Collected data entries:
▬▬▬▬▬▬

(* Let $p>1$, let $n>p$ be an integer, let $M$ be a constant with $M>p-1$ and $M>\frac{n(p-1)}{n-p}$, and set $Q=\frac{Mp-p+1}{p-1}$. Put \[ a=\frac{M-p+1}{Mn-pn+n-Mp},\qquad u(r)=\left(\frac{a n-1}{1+a^{\frac{p}{p-1}} M\, r^{\frac{p}{p-1}}}\right)^{\frac{p-1}{M-p+1}} \quad (r\ge 0). \] Then $a>0$, $an>1$, and $u$ is a positive ground state solution of \[ \left(\varphi(u'(r))\right)'+\frac{n-1}{r}\varphi(u'(r))+u^M+u^Q=0 \quad (r>0),\qquad u'(0)=0, \] i.e. $u>0$ on $[0,\infty)$, $u$ satisfies the equation for all $r>0$, $u'(0)=0$, and $u(r)\to 0$ as $r\to\infty$. Moreover $u$ satisfies $\varphi(u'(r))=-a r u^M(r)$ for all $r\ge 0$.
   Context: Here $\varphi(z)=z|z|^{p-2}$, so that $\left(\varphi(u')\right)'+\frac{n-1}{r}\varphi(u')$ is the radial $p$-Laplacian in $\mathbb{R}^n$. *)

From Stdlib Require Import Reals Lra.
From Coquelicot Require Import Coquelicot.
Open Scope R_scope.

(* Real power x^y for x >= 0 with the convention 0^y = 0 (used only for y > 0).
   Stdlib's Rpower 0 y = exp (y * ln 0) = 1, which is wrong at 0, hence this. *)
Definition rpow (x y : R) : R := if Rle_dec x 0 then 0 else Rpower x y.

Definition phi (p z : R) : R := if Req_EM_T z 0 then 0 else z * Rpower (Rabs z) (p - 2).

Definition gs_a (p M : R) (n : nat) : R :=
  (M - p + 1) / (M * INR n - p * INR n + INR n - M * p).

Definition gs_u (p M : R) (n : nat) (r : R) : R :=
  let a := gs_a p M n in
  Rpower ((a * INR n - 1) /
          (1 + Rpower a (p / (p - 1)) * M * rpow (Rabs r) (p / (p - 1))))
         ((p - 1) / (M - p + 1)).

From Stdlib Require Import Reals Lra.
From Coquelicot Require Import Coquelicot.
Open Scope R_scope.

(* With q = p/(p-1), k = (p-1)/(M-p+1), C = an - 1 and A = a^q M, the profile is
   u(r) = (C/(1 + A r^q))^k, a smooth function of |r|^q with q > 1, so u'(0) = 0.
   For r > 0, since u^(1/k) = C/(1 + A r^q) and C = kqaM, differentiation gives
   u' = -a^(q-1) r^(q-1) u^(1+1/k); as (q-1)(p-1) = 1 and (1+1/k)(p-1) = M this is
   phi(u') = -a r u^M.  Differentiating once more and using Q = M + 1/k, the
   equation reduces to u^(1/k) (1 + A r^q) = C, which is the same identity again. *)

Lemma Rpower_pos x y : 0 < Rpower x y.
Proof. exact (exp_pos _). Qed.

Lemma Rpower_sub1 x y : 0 < x -> Rpower x (y - 1) = Rpower x y / x.
Proof.
intros Hx. unfold Rminus, Rdiv.
rewrite Rpower_plus, Rpower_Ropp, Rpower_1 by exact Hx. reflexivity.
Qed.

Lemma phi_opp p x : 0 < x -> phi p (- x) = - Rpower x (p - 1).
Proof.
intros Hx. unfold phi. destruct (Req_EM_T (- x) 0) as [E|_]; [lra|].
rewrite Rabs_Ropp, Rabs_right by lra.
replace (p - 1) with ((p - 2) + 1) by ring.
rewrite Rpower_plus, Rpower_1 by exact Hx. ring.
Qed.

Lemma is_derive_Rpower x y :
  0 < x -> is_derive (fun t => Rpower t y) x (y * Rpower x (y - 1)).
Proof. intros Hx. apply is_derive_Reals, derivable_pt_lim_power, Hx. Qed.

Lemma Derive_Rpower x y : 0 < x -> Derive (fun t => Rpower t y) x = y * Rpower x (y - 1).
Proof. intros Hx. exact (is_derive_unique _ _ _ (is_derive_Rpower x y Hx)). Qed.

Lemma ex_derive_Rpower x y : 0 < x -> ex_derive (fun t => Rpower t y) x.
Proof. intros Hx. eexists. exact (is_derive_Rpower x y Hx). Qed.

Lemma phi_opp_mul_Rpower p c r v s t : 0 < c -> 0 < r -> 0 < v -> s * (p - 1) = 1 ->
  phi p (- (c * Rpower r s * Rpower v t)) = - (Rpower c (p - 1) * r * Rpower v (t * (p - 1))).
Proof.
intros Hc Hr Hv Hs.
rewrite phi_opp by (repeat apply Rmult_lt_0_compat; auto using Rpower_pos).
rewrite <- !Rpower_mult_distr, !Rpower_mult, Hs, Rpower_1
  by (try apply Rmult_lt_0_compat; auto using Rpower_pos).
reflexivity.
Qed.

(* |h|^q / |h| = |h|^(q-1) is below eps as soon as |h| < eps^(1/(q-1)). *)
Lemma is_derive_rpow_abs_0 q : 1 < q -> is_derive (fun s => rpow (Rabs s) q) 0 0.
Proof.
intros Hq. apply is_derive_Reals. intros eps Heps.
exists (mkposreal _ (Rpower_pos eps (/ (q - 1)))).
intros h Hh Hlt; simpl in Hlt.
assert (Hh0 : 0 < Rabs h) by (apply Rabs_pos_lt, Hh).
unfold rpow. rewrite Rabs_R0, Rplus_0_l.
destruct (Rle_dec 0 0) as [_|F]; [|lra].
destruct (Rle_dec (Rabs h) 0) as [F|_]; [lra|].
replace ((Rpower (Rabs h) q - 0) / h - 0) with (Rpower (Rabs h) q / h) by (field; exact Hh).
rewrite Rabs_div by exact Hh. rewrite Rabs_right by (left; apply Rpower_pos).
rewrite <- Rpower_sub1 by exact Hh0.
replace eps with (Rpower (Rpower eps (/ (q - 1))) (q - 1))
  by (rewrite Rpower_mult, Rinv_l, Rpower_1 by lra; reflexivity).
apply Rlt_Rpower_l; lra.
Qed.

Definition bubble (C A q k r : R) : R := Rpower (C / (1 + A * rpow (Rabs r) q)) k.

Section Bubble.

Variables C A q k : R.
Hypotheses (HC : 0 < C) (HA : 0 < A) (Hq : 1 < q) (Hk : 0 < k).

Lemma bubble_denominator_pos r : 0 < 1 + A * Rpower r q.
Proof. pose proof (Rpower_pos r q). nra. Qed.

Lemma bubble_eq r : 0 < r -> bubble C A q k r = Rpower (C / (1 + A * Rpower r q)) k.
Proof.
intros Hr. unfold bubble, rpow. rewrite Rabs_right by lra.
destruct (Rle_dec r 0) as [F|_]; [lra|reflexivity].
Qed.

Lemma Rpower_bubble_inv r : 0 < r -> Rpower (bubble C A q k r) (/ k) = C / (1 + A * Rpower r q).
Proof.
intros Hr. pose proof (bubble_denominator_pos r).
rewrite bubble_eq, Rpower_mult, Rinv_r, Rpower_1 by (try apply Rdiv_lt_0_compat; lra).
reflexivity.
Qed.

Lemma is_derive_bubble r : 0 < r ->
  is_derive (bubble C A q k) r
    (- (k * q * A / C * Rpower r (q - 1) * Rpower (bubble C A q k r) (1 + / k))).
Proof.
intros Hr. pose proof (bubble_denominator_pos r) as HW.
assert (HCW : 0 < C / (1 + A * Rpower r q)) by (apply Rdiv_lt_0_compat; lra).
apply is_derive_ext_loc with (fun s => Rpower (C / (1 + A * Rpower s q)) k).
{ apply (locally_interval _ r 0 p_infty); simpl; auto.
  intros s Hs _. symmetry. apply bubble_eq, Hs. }
auto_derive.
{ repeat split; try apply ex_derive_Rpower; lra. }
rewrite Rpower_plus, Rpower_1, Rpower_bubble_inv, bubble_eq by (try apply Rpower_pos; lra).
unfold Rdiv. rewrite !Derive_Rpower, !Rpower_sub1 by lra.
field. lra.
Qed.

Lemma is_derive_bubble_0 : is_derive (bubble C A q k) 0 0.
Proof.
set (g t := Rpower (C / (1 + A * t)) k).
assert (Hg : ex_derive g (rpow (Rabs 0) q)).
{ unfold g, rpow. rewrite Rabs_R0. destruct (Rle_dec 0 0) as [_|F]; [|lra].
  auto_derive. rewrite Rmult_0_r, Rplus_0_r.
  repeat split; try apply ex_derive_Rpower; lra. }
destruct Hg as [dg Hg].
replace 0 with (scal 0 dg) at 2 by (unfold scal; simpl; unfold mult; simpl; ring).
exact (is_derive_comp g _ 0 dg 0 Hg (is_derive_rpow_abs_0 q Hq)).
Qed.

Lemma is_lim_bubble : is_lim (bubble C A q k) p_infty 0.
Proof.
apply is_lim_spec. intros eps; simpl.
set (eta := Rpower eps (/ k)).
assert (Heta : 0 < eta) by apply Rpower_pos.
exists (Rmax 1 (C / (eta * A))). intros x Hx.
assert (Hx1 : 1 < x) by (eapply Rle_lt_trans; [apply Rmax_l|exact Hx]).
assert (Hx2 : C / (eta * A) < x) by (eapply Rle_lt_trans; [apply Rmax_r|exact Hx]).
assert (Hxq : x <= Rpower x q).
{ rewrite <- (Rpower_1 x) at 1 by lra. apply Rle_Rpower; lra. }
assert (HW : C / (1 + A * Rpower x q) < eta).
{ apply (Rmult_lt_compat_r (eta * A)) in Hx2; [|nra].
  replace (C / (eta * A) * (eta * A)) with C in Hx2 by (field; lra).
  pose proof (bubble_denominator_pos x).
  apply (Rmult_lt_reg_r (1 + A * Rpower x q)); [lra|].
  unfold Rdiv. rewrite Rmult_assoc, Rinv_l by lra. nra. }
rewrite bubble_eq, Rminus_0_r, Rabs_right by (try (left; apply Rpower_pos); lra).
replace (pos eps) with (Rpower eta k)
  by (unfold eta; rewrite Rpower_mult, Rinv_l, Rpower_1 by (destruct eps; simpl; lra); reflexivity).
apply Rlt_Rpower_l; [exact Hk|split; [|exact HW]].
apply Rdiv_lt_0_compat; [exact HC|apply bubble_denominator_pos].
Qed.

End Bubble.

Section GroundState.

Variables (p M : R) (n : nat).
Hypotheses (Hp : 1 < p) (Hn : p < INR n) (HM : p - 1 < M)
  (HMn : INR n * (p - 1) / (INR n - p) < M).

Let a := gs_a p M n.
Let q := p / (p - 1).
Let k := (p - 1) / (M - p + 1).
Let C := a * INR n - 1.
Let A := Rpower a q * M.

Lemma gs_denominator_pos : 0 < M * INR n - p * INR n + INR n - M * p.
Proof.
apply (Rmult_lt_compat_r (INR n - p)) in HMn; [|lra].
replace (INR n * (p - 1) / (INR n - p) * (INR n - p)) with (INR n * (p - 1)) in HMn
  by (field; lra).
lra.
Qed.

Lemma gs_a_pos : 0 < a.
Proof. pose proof gs_denominator_pos. unfold a, gs_a. apply Rdiv_lt_0_compat; lra. Qed.

Lemma gs_q_gt1 : 1 < q.
Proof.
unfold q. apply (Rmult_lt_reg_r (p - 1)); [lra|].
unfold Rdiv. rewrite Rmult_assoc, Rinv_l by lra. lra.
Qed.

Lemma gs_k_pos : 0 < k.
Proof. apply Rdiv_lt_0_compat; lra. Qed.

Lemma gs_A_pos : 0 < A.
Proof. apply Rmult_lt_0_compat; [apply Rpower_pos|lra]. Qed.

Lemma gs_a_n_sub1_eq : C = k * q * a * M.
Proof.
pose proof gs_denominator_pos. unfold C, k, q, a, gs_a.
field. repeat split; lra.
Qed.

Lemma gs_a_n_sub1_pos : 0 < C.
Proof.
rewrite gs_a_n_sub1_eq. assert (0 < q) by (pose proof gs_q_gt1; lra).
apply Rmult_lt_0_compat; [|lra].
apply Rmult_lt_0_compat; [apply Rmult_lt_0_compat|]; auto using gs_k_pos, gs_a_pos.
Qed.

Lemma gs_slope : k * q * A / C = Rpower a (q - 1).
Proof.
pose proof gs_a_pos as Ha. pose proof gs_k_pos. pose proof gs_q_gt1.
rewrite gs_a_n_sub1_eq, Rpower_sub1 by exact Ha. unfold A. field. repeat split; lra.
Qed.

Lemma gs_u_bubble : gs_u p M n = bubble C A q k.
Proof. reflexivity. Qed.

Lemma gs_is_derive r : 0 < r ->
  is_derive (gs_u p M n) r
    (- (Rpower a (q - 1) * Rpower r (q - 1) * Rpower (gs_u p M n r) (1 + / k))).
Proof.
intros Hr. rewrite gs_u_bubble, <- gs_slope.
apply is_derive_bubble; auto using gs_a_n_sub1_pos, gs_A_pos, gs_q_gt1, gs_k_pos.
Qed.

Lemma gs_is_derive_0 : is_derive (gs_u p M n) 0 0.
Proof.
rewrite gs_u_bubble.
apply is_derive_bubble_0; auto using gs_a_n_sub1_pos, gs_A_pos, gs_q_gt1, gs_k_pos.
Qed.

Lemma gs_flux r : 0 <= r -> phi p (Derive (gs_u p M n) r) = - (a * r * Rpower (gs_u p M n r) M).
Proof.
intros [Hr|<-].
- pose proof gs_a_pos as Ha. pose proof gs_k_pos as Hk.
  rewrite (is_derive_unique _ _ _ (gs_is_derive r Hr)).
  rewrite phi_opp_mul_Rpower, Rpower_mult by (try apply Rpower_pos; auto; unfold q; field; lra).
  replace ((q - 1) * (p - 1)) with 1 by (unfold q; field; lra).
  replace ((1 + / k) * (p - 1)) with M by (unfold k; field; lra).
  rewrite Rpower_1 by exact Ha. reflexivity.
- rewrite (is_derive_unique _ _ _ gs_is_derive_0).
  unfold phi. destruct (Req_EM_T 0 0) as [_|F]; [ring|lra].
Qed.

Lemma gs_ode r : 0 < r ->
  is_derive (fun s => phi p (Derive (gs_u p M n) s)) r
    (- ((INR n - 1) / r * phi p (Derive (gs_u p M n) r) + Rpower (gs_u p M n r) M
        + Rpower (gs_u p M n r) ((M * p - p + 1) / (p - 1)))).
Proof.
intros Hr. pose proof gs_a_pos as Ha. pose proof gs_k_pos as Hk.
rewrite gs_flux by lra.
apply is_derive_ext_loc with (fun s => - (a * s * Rpower (gs_u p M n s) M)).
{ apply (locally_interval _ r 0 p_infty); simpl; auto.
  intros s Hs _. symmetry. apply gs_flux; lra. }
pose proof (gs_is_derive r Hr) as Hdu.
assert (Hinv : Rpower (gs_u p M n r) (/ k) = C / (1 + A * Rpower r q)).
{ rewrite gs_u_bubble. apply Rpower_bubble_inv; auto using gs_a_n_sub1_pos, gs_A_pos. }
assert (Hu : 0 < gs_u p M n r) by apply Rpower_pos.
set (u := gs_u p M n) in *. clearbody u.
auto_derive.
{ repeat split; [apply ex_derive_Rpower, Hu|eexists; exact Hdu]. }
change (Derive (fun x => u x) r) with (Derive u r).
rewrite (is_derive_unique _ _ _ Hdu), Derive_Rpower by exact Hu.
replace ((M * p - p + 1) / (p - 1)) with (M + / k) by (unfold k; field; lra).
rewrite !Rpower_plus, Rpower_1, Hinv, !Rpower_sub1 by lra.
pose proof (bubble_denominator_pos A q gs_A_pos r).
unfold C, A in *. field. repeat split; lra.
Qed.

Lemma gs_is_lim : is_lim (gs_u p M n) p_infty 0.
Proof.
rewrite gs_u_bubble.
apply is_lim_bubble; auto using gs_a_n_sub1_pos, gs_A_pos, gs_q_gt1, gs_k_pos.
Qed.

End GroundState.

Theorem mainTheorem2 (p M : R) (n : nat) :
  1 < p -> p < INR n -> p - 1 < M -> INR n * (p - 1) / (INR n - p) < M ->
  let Q := (M * p - p + 1) / (p - 1) in
  let a := gs_a p M n in
  let u := gs_u p M n in
  0 < a /\ 1 < a * INR n /\
  (forall r, 0 <= r -> 0 < u r) /\
  (forall r, 0 < r ->
     ex_derive u r /\
     is_derive (fun s => phi p (Derive u s)) r
       (- ((INR n - 1) / r * phi p (Derive u r) + Rpower (u r) M + Rpower (u r) Q))) /\
  is_derive u 0 0 /\
  is_lim u p_infty 0 /\
  (forall r, 0 <= r -> phi p (Derive u r) = - (a * r * Rpower (u r) M)).
Proof.
intros Hp Hn HM HMn Q a u.
split; [apply gs_a_pos; assumption|].
split; [pose proof (gs_a_n_sub1_pos p M n); unfold a; lra|].
split; [intros r _; apply Rpower_pos|].
split; [intros r Hr; split; [eexists; apply gs_is_derive|apply gs_ode]; assumption|].
split; [apply gs_is_derive_0; assumption|].
split; [apply gs_is_lim; assumption|].
intros r Hr. apply gs_flux; assumption.
Qed.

▬▬▬▬▬▬

Lines containing the word "this" are to be pulled from the records and copied.

   Stdlib's Rpower 0 y = exp (y * ln 0) = 1, which is wrong at 0, hence this. *)
   u' = -a^(q-1) r^(q-1) u^(1+1/k); as (q-1)(p-1) = 1 and (1+1/k)(p-1) = M this is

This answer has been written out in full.